Она искала в себе злость и обиду на Терехова, которые помогли бы ей, но ни злости, ни обиды ни на кого, кроме как на себя, не было. «Нет, – думала она, – я не смогу промолчать, да и не надо молчать, я все открою Олегу, а там будь что будет!»

Она легла на кровать и вспомнила зимний день, добродушное новогоднее Курагино, с головой упрятавшееся в снег, зимний день, не очень уж и примечательный в ее жизни, но все же застрявший в памяти. День был тихий, не хотел, видимо, ветер красть снеговые шапки и шубы с заснувших пней и позванивающих столбов, медленные дымы стыли над снегом, негнущиеся и неподвижные, серебряными нитями аккуратно привязанные к небу. В тот день ходила Надя по Курагину ряженая, для шести поселковых ребятишек устраивали праздник, и Наде была поручена важная роль, не Снегурочки, нет, без Снегурочки можно было обойтись, а Деда Мороза, за неимением способных мужчин пришлось соглашаться на эту роль. Чуть подвыпивший начальник поезда Будков уговаривал ее долго и с шутками; по нему выходило, что не так уж плохо быть первым на станции Курагино Дедом Морозом, может быть, первым на всей трассе Дедом Морозом, уговорил-таки, снял со своих плеч овчинный тулуп, вывернул его наизнанку, белым мехом наверх, и протянул Наде: «Держи, дедушка. Ребятишек весели».
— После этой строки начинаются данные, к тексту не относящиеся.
Record is_2functor (K : Data) (O : PSh K) : Prop := {
  c_id_dom : forall k (x : pOb O k), pdom O (pid O x) = x;
  c_id_cod : forall k (x : pOb O k), pcod O (pid O x) = x;
  c_comp_dom : forall k (g f : pAr O k) e, pdom O (pcomp O g f e) = pdom O f;
  c_comp_cod : forall k (g f : pAr O k) e, pcod O (pcomp O g f e) = pcod O g;
  c_compA : forall k (h g f : pAr O k) e1 e2 e3 e4,
      pcomp O h (pcomp O g f e1) e2 = pcomp O (pcomp O h g e3) f e4;
  c_idl : forall k (f : pAr O k) e, pcomp O (pid O (pcod O f)) f e = f;
  c_idr : forall k (f : pAr O k) e, pcomp O f (pid O (pdom O f)) e = f;
  m_dom : forall k k' (P : H1 K k' k) (f : pAr O k),
      pdom O (parmap O P f) = pobmap O P (pdom O f);
  m_cod : forall k k' (P : H1 K k' k) (f : pAr O k),
      pcod O (parmap O P f) = pobmap O P (pcod O f);
  m_id : forall k k' (P : H1 K k' k) (x : pOb O k),
      parmap O P (pid O x) = pid O (pobmap O P x);
  m_comp : forall k k' (P : H1 K k' k) (g f : pAr O k) e e',
      parmap O P (pcomp O g f e) = pcomp O (parmap O P g) (parmap O P f) e';
  s_ob_id : forall k (x : pOb O k), pobmap O (id1 k) x = x;
  s_ar_id : forall k (f : pAr O k), parmap O (id1 k) f = f;
  s_ob_comp : forall k k' k'' (P : H1 K k' k) (Q : H1 K k'' k') (x : pOb O k),
      pobmap O (comp1 P Q) x = pobmap O Q (pobmap O P x);
  s_ar_comp : forall k k' k'' (P : H1 K k' k) (Q : H1 K k'' k') (f : pAr O k),
      parmap O (comp1 P Q) f = parmap O Q (parmap O P f);
  t_dom : forall k k' (a : C2 K k' k) (x : pOb O k), pdom O (p2 O a x) = pobmap O (src2 a) x;
  t_cod : forall k k' (a : C2 K k' k) (x : pOb O k), pcod O (p2 O a x) = pobmap O (tgt2 a) x;
  t_nat : forall k k' (a : C2 K k' k) (f : pAr O k) e e',
      pcomp O (p2 O a (pcod O f)) (parmap O (src2 a) f) e
      = pcomp O (parmap O (tgt2 a) f) (p2 O a (pdom O f)) e';
  t_id2 : forall k k' (P : H1 K k' k) (x : pOb O k), p2 O (id2 P) x = pid O (pobmap O P x);
  t_vcomp : forall k k' (a b : C2 K k' k) (x : pOb O k), src2 a = tgt2 b -> forall e,
      p2 O (vcomp a b) x = pcomp O (p2 O a x) (p2 O b x) e;
  t_whr : forall k k' k'' (a : C2 K k' k) (Q : H1 K k'' k') (x : pOb O k),
      p2 O (whr a Q) x = parmap O Q (p2 O a x);
  t_whl : forall k0 k k' (R : H1 K k k0) (a : C2 K k' k) (x : pOb O k0),
      p2 O (whl R a) x = p2 O a (pobmap O R x)
}.

Arguments is_2functor {K} O.

Record PTrans (K : Data) (O O' : PSh K) := MkPTrans {
  tob : forall k, pOb O k -> pOb O' k;
  tar : forall k, pAr O k -> pAr O' k }.
Arguments PTrans {K} O O'.
Arguments MkPTrans {K O O'} tob tar.
Arguments tob {K O O'} p {k} x.
Arguments tar {K O O'} p {k} f.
Потом Надя мудрила над костюмом, бороду приклеила отменную, и красный нос из картона получился у нее как натуральный. Хуже было с голосом, но Надя басила старательно и даже похрипывала иногда. Все шло хорошо, и Надя почувствовала, что и вправду увлекательно оказаться первым курагинским Дедом Морозом, щедрым стариком, у которого в тяжелом мешке припрятаны хлорвиниловые кульки с лимонной карамелью и кедровыми орешками, купленными Будковым на минусинском рынке. Елка стояла важная и толстая, а лампы на ней горели шестидесятисвечовые, крашеные, как пасхальные яйца. Ребятишки резвились, в Деда Мороза верили, хотя кто-то из них и заявил, что это не дед, а тетя Надя Белашова, нигилиста уняли, веселились и хотели от Деда Мороза слишком многого. То требовали, чтобы дед перерисовал искрящиеся узоры на окнах, то просили покатать на спине, вроде бы как на волшебных санях или хотя бы как на щите трелевочного трактора. И Надя катала их так, что спине стало больно, и прыгала рядом с ними и пела с удовольствием про елочку, родившуюся в лесу. Дверь в красный уголок, в местный Колонный зал, была открыта, и любопытные взрослые глазели из-за порога, а то и переступали через него, и Наде они не мешали, но вдруг, когда она сказала пацанью: «А теперь мы с вами полетим в Антарктиду, где королевские пингвины дежурят в моем Доме отдыха», она выпрямилась и увидела на пороге. Терехова. Она растерялась, сказать ничего не могла, не видела лица Терехова, потому что у порога было сумрачно, но ей казалось, что это он приехал, наверное, из своей распрекрасной Сейбы и нашел ее. Терехов, видно, понял, что смутил ее, повернулся и вышел из елочной комнаты, не хотел мешать детям веселиться. И тогда она побежала за ним, не сразу, но побежала, слышала, как детишки кричали ей вслед: «Куда же вы, тетя Надя!», пообещала им вернуться, но когда? Топала тяжеленными будковскими валенками, подшитыми раза три, по звонкому снегу, а Терехов шел впереди нее и не оборачивался. А когда он обернулся и посмотрел с удивлением на нее, не на нее, а на басовитого и хриплоголосого Деда Мороза, неизвестно зачем гнавшегося за ним, может, для того, чтобы попросить прикурить, Надя увидела, что это не Терехов, а незнакомый ей человек, мираж, придуманный ее мечтой.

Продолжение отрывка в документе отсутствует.